[Records from a data source]

Lemma nc_add0r f : nc_add f (nc_zero K) = f.
Proof. by apply: ncs_ext => w; rewrite /nc_add addr0. Qed.

Lemma nc_scaler0 a : nc_scale a (nc_zero K) = nc_zero K.
Proof. by apply: ncs_ext => w; rewrite /nc_scale mulr0. Qed.

Lemma nc_mulE f g w :
  nc_mul f g w = \sum_(0 <= i < (size w).+1) f (take i w) * g (drop i w).
Proof. by rewrite big_mkord. Qed.

Lemma nc_mulDl f g h : nc_mul (nc_add f g) h = nc_add (nc_mul f h) (nc_mul g h).
Proof.
apply: ncs_ext => w; rewrite /nc_add -big_split.
by apply: eq_bigr => i _; rewrite mulrDl.
Qed.

Lemma nc_mulDr f g h : nc_mul h (nc_add f g) = nc_add (nc_mul h f) (nc_mul h g).
Proof.
apply: ncs_ext => w; rewrite /nc_add -big_split.
by apply: eq_bigr => i _; rewrite mulrDr.
Qed.

Lemma nc_mulZl a f h : nc_mul (nc_scale a f) h = nc_scale a (nc_mul f h).
Proof.
apply: ncs_ext => w; rewrite /nc_scale mulr_sumr.
by apply: eq_bigr => i _; rewrite mulrA.
Qed.

Lemma nc_mulZr a f h : nc_mul h (nc_scale a f) = nc_scale a (nc_mul h f).
Proof.
apply: ncs_ext => w; rewrite /nc_scale mulr_sumr.
by apply: eq_bigr => i _; rewrite mulrCA.
Qed.

Lemma nc_mul0l h : nc_mul (nc_zero K) h = nc_zero K.
Proof. by apply: ncs_ext => w; rewrite /nc_mul big1 // => i _; rewrite mul0r. Qed.

Lemma nc_mul0r h : nc_mul h (nc_zero K) = nc_zero K.
Proof. by apply: ncs_ext => w; rewrite /nc_mul big1 // => i _; rewrite mulr0. Qed.

Lemma nc_mulBl f g h w :
  nc_mul (fun u => f u - g u) h w = nc_mul f h w - nc_mul g h w.
Proof. by rewrite -sumrB; apply: eq_bigr => i _; rewrite mulrBl. Qed.

Lemma nc_mulBr f g h w :
  nc_mul h (fun u => f u - g u) w = nc_mul h f w - nc_mul h g w.
Proof. by rewrite -sumrB; apply: eq_bigr => i _; rewrite mulrBr. Qed.

Lemma nc_mulA f g h : nc_mul (nc_mul f g) h = nc_mul f (nc_mul g h).
Proof.
apply: ncs_ext => w; set n := size w.
pose F i j := f (take i w) * g (drop i (take j w)) * h (drop j w).
transitivity (\sum_(0 <= j < n.+1) \sum_(0 <= i < n.+1) if (i <= j)%N then F i j else 0).
  rewrite nc_mulE; apply: eq_big_nat => j /andP[_ Hj].
  rewrite nc_mulE size_takel; last by rewrite -ltnS.
  rewrite mulr_suml (big_nat_widen _ _ _ _ _ Hj) big_mkcond.
  apply: eq_big_nat => i _; rewrite ltnS /= /F.
  by case: ifP => // Hij; rewrite take_takel.
rewrite exchange_big_nat nc_mulE; apply: eq_big_nat => i /andP[_ Hi].
rewrite nc_mulE size_drop mulr_sumr.
rewrite (@big_cat_nat _ _ _ i 0 n.+1) //; last exact: ltnW.
rewrite big_nat_cond big1 ?add0r; last first.
  by move=> j /andP[/andP[_ Hj] _]; rewrite leqNgt Hj.
rewrite -{1}(add0n i) big_addn subSn; last by rewrite -ltnS.
rewrite Monoid.mul1m; apply: eq_big_nat => k _.
by rewrite leq_addl /F mulrA take_drop drop_drop.
Qed.

Lemma nc_bracketDl f g h : br (nc_add f g) h = nc_add (br f h) (br g h).
Proof. by apply: ncs_ext => w; rewrite /nc_bracket nc_mulDl nc_mulDr /nc_add; ring. Qed.

Lemma nc_bracketDr f g h : br h (nc_add f g) = nc_add (br h f) (br h g).
Proof. by apply: ncs_ext => w; rewrite /nc_bracket nc_mulDl nc_mulDr /nc_add; ring. Qed.

Lemma nc_bracketZl a f h : br (nc_scale a f) h = nc_scale a (br f h).
Proof. by apply: ncs_ext => w; rewrite /nc_bracket nc_mulZl nc_mulZr /nc_scale; ring. Qed.

Lemma nc_bracketZr a f h : br h (nc_scale a f) = nc_scale a (br h f).
Proof. by apply: ncs_ext => w; rewrite /nc_bracket nc_mulZl nc_mulZr /nc_scale; ring. Qed.

Lemma nc_bracket0l h : br (nc_zero K) h = nc_zero K.
Proof. by apply: ncs_ext => w; rewrite /nc_bracket nc_mul0l nc_mul0r subrr. Qed.

Lemma nc_bracket0r h : br h (nc_zero K) = nc_zero K.
Proof. by apply: ncs_ext => w; rewrite /nc_bracket nc_mul0l nc_mul0r subrr. Qed.

Lemma nc_bracketC f g : br g f = nc_scale (-1) (br f g).
Proof. by apply: ncs_ext => w; rewrite /nc_scale /nc_bracket mulN1r opprB. Qed.

Lemma nc_bracketxx f : br f f = nc_zero K.
Proof. by apply: ncs_ext => w; rewrite /nc_bracket subrr. Qed.

Lemma nc_jacobi f g h : br f (br g h) = nc_add (br (br f g) h) (br g (br f h)).
Proof. by apply: ncs_ext => w; rewrite /nc_add /nc_bracket !nc_mulBl !nc_mulBr !nc_mulA; ring. Qed.

Definition is_x w i : K := (~~ nth true w i)%:R.

Lemma nc_deltaE f w :
  nc_delta f w = \sum_(0 <= i < size w) is_x w i * f (set_nth false w i true).
Proof.
rewrite /nc_delta big_mkcond big_mkord; apply: eq_bigr => i _ /=.
by rewrite /is_x; case: (nth true w i); rewrite ?mul0r ?mul1r.
Qed.

Lemma nc_deltaD f g : nc_delta (nc_add f g) = nc_add (nc_delta f) (nc_delta g).
Proof.
apply: ncs_ext => w; rewrite /nc_add !nc_deltaE -big_split.
by apply: eq_bigr => i _; rewrite mulrDr.
Qed.

Lemma nc_deltaZ a f : nc_delta (nc_scale a f) = nc_scale a (nc_delta f).
Proof.
apply: ncs_ext => w; rewrite /nc_scale !nc_deltaE mulr_sumr.
by apply: eq_bigr => i _; rewrite mulrCA.
Qed.

Lemma nc_delta0 : nc_delta (nc_zero K) = nc_zero K.
Proof. by apply: ncs_ext => w; rewrite nc_deltaE big1 // => i _; rewrite mulr0. Qed.

Lemma nc_deltaB f g w :
  nc_delta (fun u => f u - g u) w = nc_delta f w - nc_delta g w.
Proof. by rewrite !nc_deltaE -sumrB; apply: eq_bigr => i _; rewrite mulrBr. Qed.

Lemma nc_delta_mul f g :
  nc_delta (nc_mul f g) = nc_add (nc_mul (nc_delta f) g) (nc_mul f (nc_delta g)).
Proof.
apply: ncs_ext => w.
rewrite /nc_add nc_deltaE !nc_mulE -big_split /=.
transitivity (\sum_(0 <= i < size w) \sum_(0 <= k < (size w).+1) is_x w i *
   (f (take k (set_nth false w i true)) * g (drop k (set_nth false w i true)))).
  apply: eq_big_nat => i /andP[_ hi].
  by rewrite nc_mulE size_set_nth (maxn_idPr hi) mulr_sumr.
rewrite exchange_big_nat /=; apply: eq_big_nat => k /andP[_ hk].
rewrite ltnS in hk; rewrite (@big_cat_nat _ _ _ k 0 (size w)) //=; congr (_ + _).
  rewrite nc_deltaE mulr_suml size_takel //.
  apply: eq_big_nat => i /andP[_ hi].
  rewrite take_set_nth_lt ?drop_set_nth_lt //; try lia.
  by rewrite /is_x nth_take // mulrA.
rewrite nc_deltaE mulr_sumr size_drop -{1}(add0n k) big_addn.
apply: eq_big_nat => j /andP[_ hj].
rewrite take_set_nth_ge ?drop_set_nth_ge; try lia.
by rewrite /is_x nth_drop addnK addnC mulrCA.
Qed.

Lemma nc_delta_bracket f g :
  nc_delta (br f g) = nc_add (br (nc_delta f) g) (br f (nc_delta g)).
Proof.
apply: ncs_ext => w.
by rewrite /nc_add /nc_bracket nc_deltaB !nc_delta_mul /nc_add; ring.
Qed.

Lemma nc_delta_x : nc_delta X = nc_zero K.
Proof.
apply: ncs_ext => w; rewrite nc_deltaE big_mkord big1 // => -[i hi] _ /=.
rewrite /nc_x; case: eqP => [E|]; last by rewrite mulr0.
have : true \in set_nth false w i true.
  apply/(nthP false); exists i; first by rewrite size_set_nth leq_max ltnSn.
  by rewrite nth_set_nth /= eqxx.
by rewrite E.
Qed.

Lemma nc_delta_y : nc_delta Y = X.
Proof.
apply: ncs_ext => w; rewrite nc_deltaE; case: w => [|b [|c w]].
- by rewrite big_geq.
- by rewrite big_nat1 /is_x /nc_y /nc_x; case: b; rewrite /= ?mulr1 ?mul0r.
rewrite big_mkord big1; first by rewrite /nc_x; case: ifP => // /eqP.
move=> -[i hi] _ /=; rewrite /nc_y; case: eqP; last by rewrite mulr0.
by move=> /(congr1 size); rewrite size_set_nth /=; lia.
Qed.

Lemma nc_delta_lie_gen S f : (forall g, S g -> nc_delta g = nc_zero K) ->
  lie_gen S f -> nc_delta f = nc_zero K.
Proof.
move=> dS; elim=> {f} [g /dS //| |f g _ df _ dg|a f _ df|f g _ df _ dg].
- exact: nc_delta0.
- by rewrite nc_deltaD df dg nc_add0r.
- by rewrite nc_deltaZ df nc_scaler0.
- by rewrite nc_delta_bracket df dg nc_bracket0l nc_bracket0r nc_add0r.
Qed.

Definition ad_x_y n : ncs K := iter n (br X) Y.

Definition xu_gens g : Prop := g = X \/ g = br Y X.

Lemma nc_delta_xu_gens g : xu_gens g -> nc_delta g = nc_zero K.
Proof.
case=> ->; first exact: nc_delta_x.
by rewrite nc_delta_bracket nc_delta_y nc_delta_x nc_bracketxx nc_bracket0r nc_add0r.
Qed.

Lemma lie_gen_xu_ad_x_y n : lie_gen xu_gens (ad_x_y n.+1).
Proof.
elim: n => [|n IH]; last exact: lie_gen_bracket (lie_gen_base (or_introl erefl)) IH.
by rewrite /= nc_bracketC; apply/lie_gen_scale/lie_gen_base; right.
Qed.

Definition homog (p : pred bool) d f := forall w, count p w != d -> f w = 0.

Lemma homog_mul p d e f g : homog p d f -> homog p e g -> homog p (d + e)%N (nc_mul f g).
Proof.
move=> hf hg w hw; rewrite /nc_mul big1 // => i _.
have split_w : (count p (take i w) + count p (drop i w))%N = count p w.
  by rewrite -count_cat cat_take_drop.
have [ed|/hf->] := eqVneq (count p (take i w)) d; last by rewrite mul0r.
have [ee|/hg->] := eqVneq (count p (drop i w)) e; last by rewrite mulr0.
by move: hw; rewrite -split_w ed ee eqxx.
Qed.

Lemma homog_bracket p d e f g : homog p d f -> homog p e g -> homog p (d + e)%N (br f g).
Proof.
move=> hf hg w hw; rewrite /nc_bracket (homog_mul hf hg hw).
by rewrite addnC in hw; rewrite (homog_mul hg hf hw) subrr.
Qed.

Lemma homog_x p : homog p (p false) X.
Proof. by move=> w; rewrite /nc_x; case: (w =P [:: false]) => // ->; rewrite /= addn0 eqxx. Qed.

Lemma homog_y p : homog p (p true) Y.
Proof. by move=> w; rewrite /nc_y; case: (w =P [:: true]) => // ->; rewrite /= addn0 eqxx. Qed.

Lemma homog_ad_x_y p n : homog p (n * p false + p true)%N (ad_x_y n).
Proof.
elim: n => [|n IH]; first exact: homog_y.
by rewrite mulSn -addnA; exact: homog_bracket (@homog_x p) IH.
Qed.

Lemma ydeg_ad_x_y n : homog id 1 (ad_x_y n).
Proof. by have := @homog_ad_x_y id n; rewrite muln0. Qed.

Lemma ydeg_bracket_ad_x_y a b : homog id 2 (br (ad_x_y a) (ad_x_y b)).
Proof. exact: homog_bracket (ydeg_ad_x_y a) (ydeg_ad_x_y b). Qed.

Definition ydeg_le n f := forall w, (n < count id w)%N -> f w = 0.

Lemma homog_ydeg_le n d f : homog id d f -> (d <= n)%N -> ydeg_le n f.
Proof. by move=> hf dn w hw; apply: hf; apply/eqP; lia. Qed.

- [Task statement]
Pick out the lines above that hold the string "subrr" and show them.

- [Completed exercise]
Proof. by apply: ncs_ext => w; rewrite /nc_bracket nc_mul0l nc_mul0r subrr. Qed.
Proof. by apply: ncs_ext => w; rewrite /nc_bracket nc_mul0l nc_mul0r subrr. Qed.
Proof. by apply: ncs_ext => w; rewrite /nc_bracket subrr. Qed.
by rewrite addnC in hw; rewrite (homog_mul hg hf hw) subrr.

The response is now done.